Tamam bu kelimeleri öyle ulu orta kullanmayalım da “Pedofili, Ensest, Nekrofili, Zoofili, Pandasex, Queer, Lezbiyen, Gey, Biseksüel, Transgender ve İnterseks, Travesti, Aseksüel, Homoseksüel” derken ne yapalım. Durum ortada; bu kelimeleri kullanırken utanmıyoruz, yüzümüz kızarmıyor, “edeb” ve “haya” açısından bakmıyoruz bunlara. Dizi filmler, oyunlar, çizgi filmler, şarkılar, media, akademya bunları anlatıyor. Binlerce “Toplumsal cinsiyet” üzerine “bilimsel makale” var. Bakın bakalım neden söz ediyorlar. LGBT’den söz ederken yüzümüzün kızarmamasının tek sebebi “bu Fuhşiyat ve türevleri”nin İngilizce olmasından değil. Aslında bir algı operasyonu ile algılarımızla oynadılar. Refleks veremiyoruz. LGBT+ pozitif ayırımcılığa tabi, birilerinin “Onur” duyduğu bir şey. Sağcı, solcu, Türk, Kürt, Alevi, Sünni, milliyetçi, liberal bir şey fark etmiyor. “Onur yürüyüşü” yapıyorlar ve “Utanma” diye pankart açıyorlar. Bunları eleştiriyorsunuz hakkınızda davalar açılıyor, mesleki bir dernekten ihraç ediliyorsunuz. Hatta bunları hedef alıyorsunuz, hakkınızda suç duyurusunda bulunanlar İstanbul sözleşmesi paketi içinde bu yanlışın temsilcilerini savunur duruma düşebiliyorlar. 
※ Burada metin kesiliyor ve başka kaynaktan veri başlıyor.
(* Let $\zeta$ be a nonconstant (holomorphic or formal) curve with $\zeta(0)=0$, let $\nu=\nu(\zeta)$ and let $k\geq 1$ be an integer. If $j_{2k\nu}(\zeta^*r)=0$, then there is a unitary infinite matrix $U_k\in\mathcal M_1$ (indeed $U_k\in\mathcal M_{1,N}$ for some $N$) such that $j_{2k\nu}(\zeta^*h)=0$ and $j_{k\nu}(\zeta^*(f-U_kg))=0$ (componentwise).
   Context: $r$ is a real $\mathcal C^\infty$ defining function of a hypersurface through $0\in\mathbb C^n$ ($r(0)=0$, $dr(0)\ne0$). Order the nonzero multi-indices $J\in\mathbb N^n$ by $J<K$ iff $|J|<|K|$, or $|J|=|K|$ and $J$ precedes $K$ lexicographically; enumerate them increasingly as $J^{(1)},J^{(2)},\dots$. Write the formal Taylor series of $r$ at $0$ as $r\sim 2\,\mathrm{Re}\,h+4\,\mathrm{Re}\sum_{J}\sum_{K\ge J}a_{JK}z^J\bar z^K$ ($J,K$ nonzero), with $h$ a formal holomorphic power series, $h(0)=0$, $a_{JK}\in\mathbb C$. Set $f_J=z^J+\sum_{K\ge J}\overline{a_{JK}}z^K$, $g_J=z^J-\sum_{K\ge J}\overline{a_{JK}}z^K$; then formally $r\sim 2\,\mathrm{Re}\,h+\sum_J|f_J|^2-\sum_J|g_J|^2$, and $f=(f_{J^{(m)}})_{m\ge1}$, $g=(g_{J^{(m)}})_{m\ge1}$ are viewed as infinite column vectors. For a formal power series $\varphi$ in $t,\bar t$ (or in $t$), $j_m(\varphi)$ is its truncation to terms of total degree $\le m$; $\zeta^*\varphi=\varphi\circ\zeta$. $\nu(\zeta)$ is the order of vanishing of $\zeta$ at $0$. $\mathcal M$ is the set of infinite complex matrices $\{a_{ij}\}_{i,j\ge1}$, products defined by $c_{i\ell}=\sum_k a_{ik}b_{k\ell}$ when convergent; $A^*=\{\overline{a_{ji}}\}$; $\mathcal M_1$ is the set of unitary ones ($AA^*=A^*A=I$); $\mathcal M_{1,N}\subset\mathcal M_1$ consists of those with $a_{ij}=\delta_{ij}$ whenever $\max\{i,j\}>N$. For $U\in\mathcal M_1$, $(Ug)_i=\sum_m U_{im}g_m$. *)

From HB Require Import structures.
From mathcomp Require Import all_boot all_order all_algebra.
Set Implicit Arguments. Unset Strict Implicit. Unset Printing Implicit Defensive.
Import Order.TTheory GRing.Theory Num.Theory.
Local Open Scope ring_scope.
Hem de bunu yapanlar sizin çevrenizden birileri olabiliyor. 

 

Bir başkadır benim memleketim. 

Bu paradoks karşısında aslında “bu ifridden sualin kılını çekmez akıl”. Evet birileri artık beynimizi ve kalbimizi hedef alıyor. Ve bu konuda yeterli duyarlılığa sahip olmadığımız da ortada. Duyarlılık gösterenlere karşı da nasıl tepki verildiğini görüyorsunuz. 

 

Hangi partiden olursanız olun, siyasi partilerin hemen hemen hepsi İstanbul sözleşmesini savunuyor. 

LGBT’lilerin ve onların destekçilerinin oyları, bizim oylarımızdan daha değerli görülüyor sanki.  

Biz kaç kişi kaldık bilmiyorum. İstanbul sözleşmesini destekleyenler, bizden daha fazla oya sahipmiş. 

Birileri, onun için “İS maskesi” takmış İS 2020’de. Sahi bir kamuoyu şirketi halka sorsa, “Homoseksüel bir damat, Lezbiyen bir gelin, Biseksüel bir torun ister mi! Hanımınızın ya da kızınızın, oğlunuzun cinsel yönelim, tercih ve deneyimine ne dersiniz” diye. 

Sahi alacakları cevap ne olurdu? 

 

Neyse bu günlük de bu kadar. Selâm ve dua ile.